I was so cool with my new, silver MP3 player I couldn't even stand it. Of course, I was late in this purchase because of my aforementioned animosity. Nonetheless, I thoroughly enjoyed it especially with my FM transmitter to bass-out in my "souped-up" Honda Civic. (That's what's up.)

Because of the iPhone hype as a senior in high school, my animosity returned as I purchased a Zune 80GB. This lasted me a long time as I adventured through the end of my high school career and into college life. That Zune was and still is a monster: big, heavy, durable.

Fast forward a few years and my mom bought me an iPhone 4 — score!

Since my true Apple iPhone 4 experience (along with two iMac experiences, one on which I'm currently typing), I have had nothing but positive thoughts and gratitude for such sophisticated pieces of technology. Apple Inc. as a corporation, and specifically Steve Jobs who served as CEO from 1997 to Aug. 2011, has revolutionized the globe's computing landscape, along with innovating MP3 player selections, touch-screen phone capabilities and tablet products.

My favorite news-related memory of Steve Jobs, since I have become an Apple junkie, was his "Stop holding the iPhone 4 wrong" response in June 2010 when the iPhone 4 was rumored to have horrible reception due to its antenna being placed on the bottom, left side of the device. He's so real.

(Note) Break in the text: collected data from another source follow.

(* Let $x^0, x^1, x^2, \ldots \in \mathbb{R}^m$ be a sequence of vectors and suppose there is a constant $B>0$ with $\|x^n\|_2^2 \le B$ for every $n$. For each $n\ge 1$ let $X^{n-1}\in\mathbb{R}^{n\times m}$ be the matrix whose rows are $(x^0)^T,\ldots,(x^{n-1})^T$. Suppose that for some (large enough) $N'$ the matrix $X^{N'-1}$ satisfies the sparse Riesz condition $\mathrm{SRC}(r,c_*,c^* )$. Let $c>1$ be a constant. Then for every integer $n'$ with $N'<n'\le cN'$, the matrix $X^{n'-1}$ satisfies $\mathrm{SRC}(r, c_*/c, \max(c^*,B))$.
   Context: The coordinate index set $\{1,\ldots,m\}$ is partitioned into nonoverlapping groups $\mathcal{G}_1,\ldots,\mathcal{G}_p$ with $d_j=|\mathcal{G}_j|$. For a set $\mathcal{S}\subset\{1,\ldots,p\}$ of group indices, $X_{*\mathcal{S}}$ denotes the submatrix of $X$ formed by the columns indexed by $\bigcup_{j\in\mathcal{S}}\mathcal{G}_j$. A matrix $X^{n-1}$ with $n$ rows satisfies the sparse Riesz condition $\mathrm{SRC}(r,c_*,c^* )$, where $0<c_*<c^*<\infty$, if for every $\mathcal{S}\subset\{1,\ldots,p\}$ with $|\mathcal{S}|=r$ and every $\nu\in\mathbb{R}^{\sum_{j\in\mathcal{S}}d_j}$, $c_*\|\nu\|_2^2\le \|X^{n-1}_{*\mathcal{S}}\nu\|_2^2/n\le c^*\|\nu\|_2^2$. *)

From HB Require Import structures.
From mathcomp Require Import all_boot all_order all_algebra.
Set Implicit Arguments. Unset Strict Implicit. Unset Printing Implicit Defensive.
Import Order.TTheory GRing.Theory Num.Theory.
Local Open Scope ring_scope.

(* Coordinates are 'I_m (0-based), groups are 'I_p; the group partition
   G_1..G_p is encoded by the map g sending a coordinate to its group. *)

Definition sqnorm (R : realFieldType) (k : nat) (v : 'rV[R]_k) : R :=
  \sum_(j < k) v 0 j ^+ 2.

Definition grp_cols (m p : nat) (g : 'I_m -> 'I_p) (S : {set 'I_p}) : {set 'I_m} :=
  [set i | g i \in S].

Definition subcols (R : realFieldType) (n m p : nat) (g : 'I_m -> 'I_p)
  (X : 'M[R]_(n, m)) (S : {set 'I_p}) : 'M[R]_(n, #|grp_cols g S|) :=
  colsub (fun k : 'I_#|grp_cols g S| => enum_val k) X.

Definition SRC (R : realFieldType) (n m p : nat) (g : 'I_m -> 'I_p)
  (X : 'M[R]_(n, m)) (r : nat) (cl cu : R) : Prop :=
  0 < cl /\ cl < cu /\
  forall S : {set 'I_p}, #|S| = r ->
  forall nu : 'cV[R]_#|grp_cols g S|,
    cl * sqnorm nu^T <= sqnorm (subcols g X S *m nu)^T / n%:R
    /\ sqnorm (subcols g X S *m nu)^T / n%:R <= cu * sqnorm nu^T.

(* X^{n-1}: the n x m matrix whose rows are x^0, ..., x^{n-1} *)
Definition Xmat (R : realFieldType) (m : nat) (x : nat -> 'rV[R]_m) (n : nat)
  : 'M[R]_(n, m) := \matrix_(i < n, j < m) x i 0 j.

(* Row i of X^{n-1}_{*S} nu is a linear form in x^i, so the energy
   ||X^{n-1}_{*S} nu||^2 is a sum over the rows, each term bounded by
   B ||nu||^2 by Cauchy-Schwarz.  Passing from N' to n' rows only adds
   nonnegative terms: the energy stays above c_* N' ||nu||^2 >= (c_*/c) n' ||nu||^2,
   and it grows by at most B ||nu||^2 per new row, so it stays below
   max(c^*, B) n' ||nu||^2. *)
From HB Require Import structures.
From mathcomp Require Import all_boot all_order all_algebra.
From mathcomp Require Import ring lra.
Set Implicit Arguments. Unset Strict Implicit. Unset Printing Implicit Defensive.
Import Order.TTheory GRing.Theory Num.Theory.
Local Open Scope ring_scope.

Lemma sqnorm_ge0 {R : realFieldType} {k : nat} (v : 'rV[R]_k) : 0 <= sqnorm v.
Proof. by apply: sumr_ge0 => j _; exact: sqr_ge0. Qed.

(* Lagrange's identity: the right side minus the left is half of
   \sum_(i, j) (a i b j - a j b i)^2. *)
Lemma sum_mul_sqr_le {R : realFieldType} {k : nat} (a b : 'I_k -> R) :
  (\sum_i a i * b i) ^+ 2 <= (\sum_i a i ^+ 2) * (\sum_i b i ^+ 2).
Proof.
have lagrange_ge0 : 0 <= \sum_i \sum_j (a i * b j - a j * b i) ^+ 2.
  by apply: sumr_ge0 => i _; apply: sumr_ge0 => j _; exact: sqr_ge0.
have expand i : \sum_j (a i * b j - a j * b i) ^+ 2 =
    \sum_j a i ^+ 2 * b j ^+ 2 + \sum_j a j ^+ 2 * b i ^+ 2
    - 2 * \sum_j (a i * b i) * (a j * b j).
  rewrite mulr_sumr -big_split -sumrB /=.
  by apply: eq_bigr => j _; ring.
have prod_sum (u v : 'I_k -> R) :
    \sum_i \sum_j u i * v j = (\sum_i u i) * (\sum_j v j).
  by rewrite mulr_suml; apply: eq_bigr => i _; rewrite mulr_sumr.
rewrite (eq_bigr _ (fun i _ => expand i)) sumrB big_split -mulr_sumr /= in lagrange_ge0.
rewrite prod_sum exchange_big prod_sum /= prod_sum -expr2 in lagrange_ge0.
lra.
Qed.

Lemma sqnorm_colsub_le {R : realFieldType} {k l : nat} (f : 'I_l -> 'I_k)
    (v : 'rV[R]_k) :
  injective f -> sqnorm (colsub f v) <= sqnorm v.
Proof.
move=> f_inj; rewrite /sqnorm.
under eq_bigr do rewrite mxE.
rewrite -(big_imset (fun i => v 0 i ^+ 2) (in2W (D1 := predT) f_inj)) /=.
rewrite [leRHS](bigID (mem [set f j | j in predT])) /= lerDl.
by apply: sumr_ge0 => j _; exact: sqr_ge0.
Qed.

Lemma sqr_mulmx_le {R : realFieldType} {k : nat} (u : 'rV[R]_k) (nu : 'cV[R]_k) :
  (u *m nu) 0 0 ^+ 2 <= sqnorm u * sqnorm nu^T.
Proof.
rewrite mxE /sqnorm; under [X in _ * X]eq_bigr do rewrite mxE.
exact: sum_mul_sqr_le.
Qed.

Section Energy.

Variables (R : realFieldType) (m p : nat) (g : 'I_m -> 'I_p).
Variables (x : nat -> 'rV[R]_m) (S : {set 'I_p}) (nu : 'cV[R]_#|grp_cols g S|).

Definition row_energy (i : nat) : R :=
  (colsub enum_val (x i) *m nu) 0 0 ^+ 2.

Definition energy (n : nat) : R := sqnorm (subcols g (Xmat x n) S *m nu)^T.

Lemma energyE n : energy n = \sum_(0 <= i < n) row_energy i.
Proof.
rewrite big_mkord /energy /sqnorm; apply: eq_bigr => i _.
by rewrite !mxE /row_energy mxE; congr (_ ^+ 2); apply: eq_bigr => k _; rewrite !mxE.
Qed.

Lemma row_energy_le B : (forall i, sqnorm (x i) <= B) ->
  forall i, row_energy i <= B * sqnorm nu^T.
Proof.
move=> xB i; apply: le_trans (sqr_mulmx_le _ _) _.
apply: ler_wpM2r; first exact: sqnorm_ge0.
exact: le_trans (sqnorm_colsub_le _ enum_val_inj) (xB i).
Qed.

Lemma energy_split {N n : nat} : (N <= n)%N ->
  energy n = energy N + \sum_(N <= i < n) row_energy i.
Proof. by move=> leNn; rewrite !energyE (big_cat_nat (leq0n N) leNn). Qed.

Lemma energy_mono {N n : nat} : (N <= n)%N -> energy N <= energy n.
Proof.
move=> leNn; rewrite (energy_split leNn) lerDl.
by apply: sumr_ge0 => i _; exact: sqr_ge0.
Qed.

Lemma energy_le_add {B : R} {N n : nat} :
  (forall i, sqnorm (x i) <= B) -> (N <= n)%N ->
  energy n <= energy N + B * sqnorm nu^T * (n - N)%:R.
Proof.
move=> xB leNn; rewrite (energy_split leNn) lerD2l mulr_natr -sumr_const_nat.
by apply: ler_sum => i _; exact: row_energy_le.
Qed.

Lemma energy_lower_bound (cl c : R) {N n : nat} :
  0 <= cl -> 0 < c -> (0 < N)%N -> (N <= n)%N -> n%:R <= c * N%:R ->
  cl * sqnorm nu^T <= energy N / N%:R ->
  cl / c * sqnorm nu^T <= energy n / n%:R.
Proof.
move=> cl_ge0 c_gt0 N_gt0 leNn lenc; set t := sqnorm nu^T.
have n_gt0 : (0 < n)%N := leq_trans N_gt0 leNn.
rewrite !ler_pdivlMr ?ltr0n // => lo.
have shrink : cl / c * t * n%:R <= cl * t * N%:R.
  rewrite (_ : cl / c * t * n%:R = cl * t * (n%:R / c)); last by ring.
  apply: ler_wpM2l; first exact: mulr_ge0 (sqnorm_ge0 _).
  by rewrite ler_pdivrMr // mulrC.
exact: le_trans shrink (le_trans lo (energy_mono leNn)).
Qed.

Lemma energy_upper_bound (cu B : R) {N n : nat} :
  (forall i, sqnorm (x i) <= B) -> (0 < N)%N -> (N <= n)%N ->
  energy N / N%:R <= cu * sqnorm nu^T ->
  energy n / n%:R <= Num.max cu B * sqnorm nu^T.
Proof.
move=> xB N_gt0 leNn; set t := sqnorm nu^T; set M := Num.max cu B.
have n_gt0 : (0 < n)%N := leq_trans N_gt0 leNn.
have t_ge0 : 0 <= t := sqnorm_ge0 _.
rewrite !ler_pdivrMr ?ltr0n // => hi.
have old : energy N <= M * t * N%:R.
  by apply: le_trans hi _; rewrite ler_wpM2r // ler_wpM2r // le_max lexx.
have new : B * t * (n - N)%:R <= M * t * (n - N)%:R.
  by rewrite ler_wpM2r // ler_wpM2r // le_max lexx orbT.
apply: le_trans (energy_le_add xB leNn) _.
rewrite -[in leRHS](subnKC leNn) natrD mulrDr.
exact: lerD.
Qed.

End Energy.

Theorem proposition2 (R : realFieldType) (m p : nat) (g : 'I_m -> 'I_p)
  (Hg : forall j : 'I_p, exists i : 'I_m, g i = j)
  (x : nat -> 'rV[R]_m) (B : R) (HB : 0 < B)
  (Hx : forall n : nat, sqnorm (x n) <= B)
  (N' r : nat) (cl cu : R) (HN' : (1 <= N')%N)
  (Hsrc : SRC g (Xmat x N') r cl cu)
  (c : R) (Hc : 1 < c) :
  forall n' : nat, (N' < n')%N -> n'%:R <= c * N'%:R ->
    SRC g (Xmat x n') r (cl / c) (Num.max cu B).
Proof.
move=> n' ltNn lenc; have leNn := ltnW ltNn.
have [cl_gt0 [cl_lt_cu src]] := Hsrc.
have c_gt0 : 0 < c by lra.
split; first exact: divr_gt0.
split.
  have clc_lt_cl : cl / c < cl by rewrite ltr_pdivrMr // ltr_pMr.
  by apply: (lt_le_trans clc_lt_cl); rewrite le_max (ltW cl_lt_cu).
move=> S cardS nu; have [lo hi] := src S cardS nu.
(* Folding [energy] keeps the final [exact:] steps from unfolding the matrices. *)
rewrite -/(energy x nu n'); rewrite -/(energy x nu N') in lo hi.
split.
- exact: energy_lower_bound (ltW cl_gt0) c_gt0 HN' leNn lenc lo.
- exact: energy_upper_bound Hx HN' leNn hi.
Qed.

It's horribly depressing such a bright individual's time on Earth ran out. Although Steve Jobs passed away, his ideas and creations — Apple Inc. and all of its products — will undoubtedly continue to penetrate technological markets.

"Your time is limited…So, don't waste it living someone else's life…Don't let the noise of others' opinions drown out your own inner voice."ABC News

Thank you, Steve Jobs; I'm so gracious.

Jason Syptak is a senior marketing major and New Media editor for The Battalion.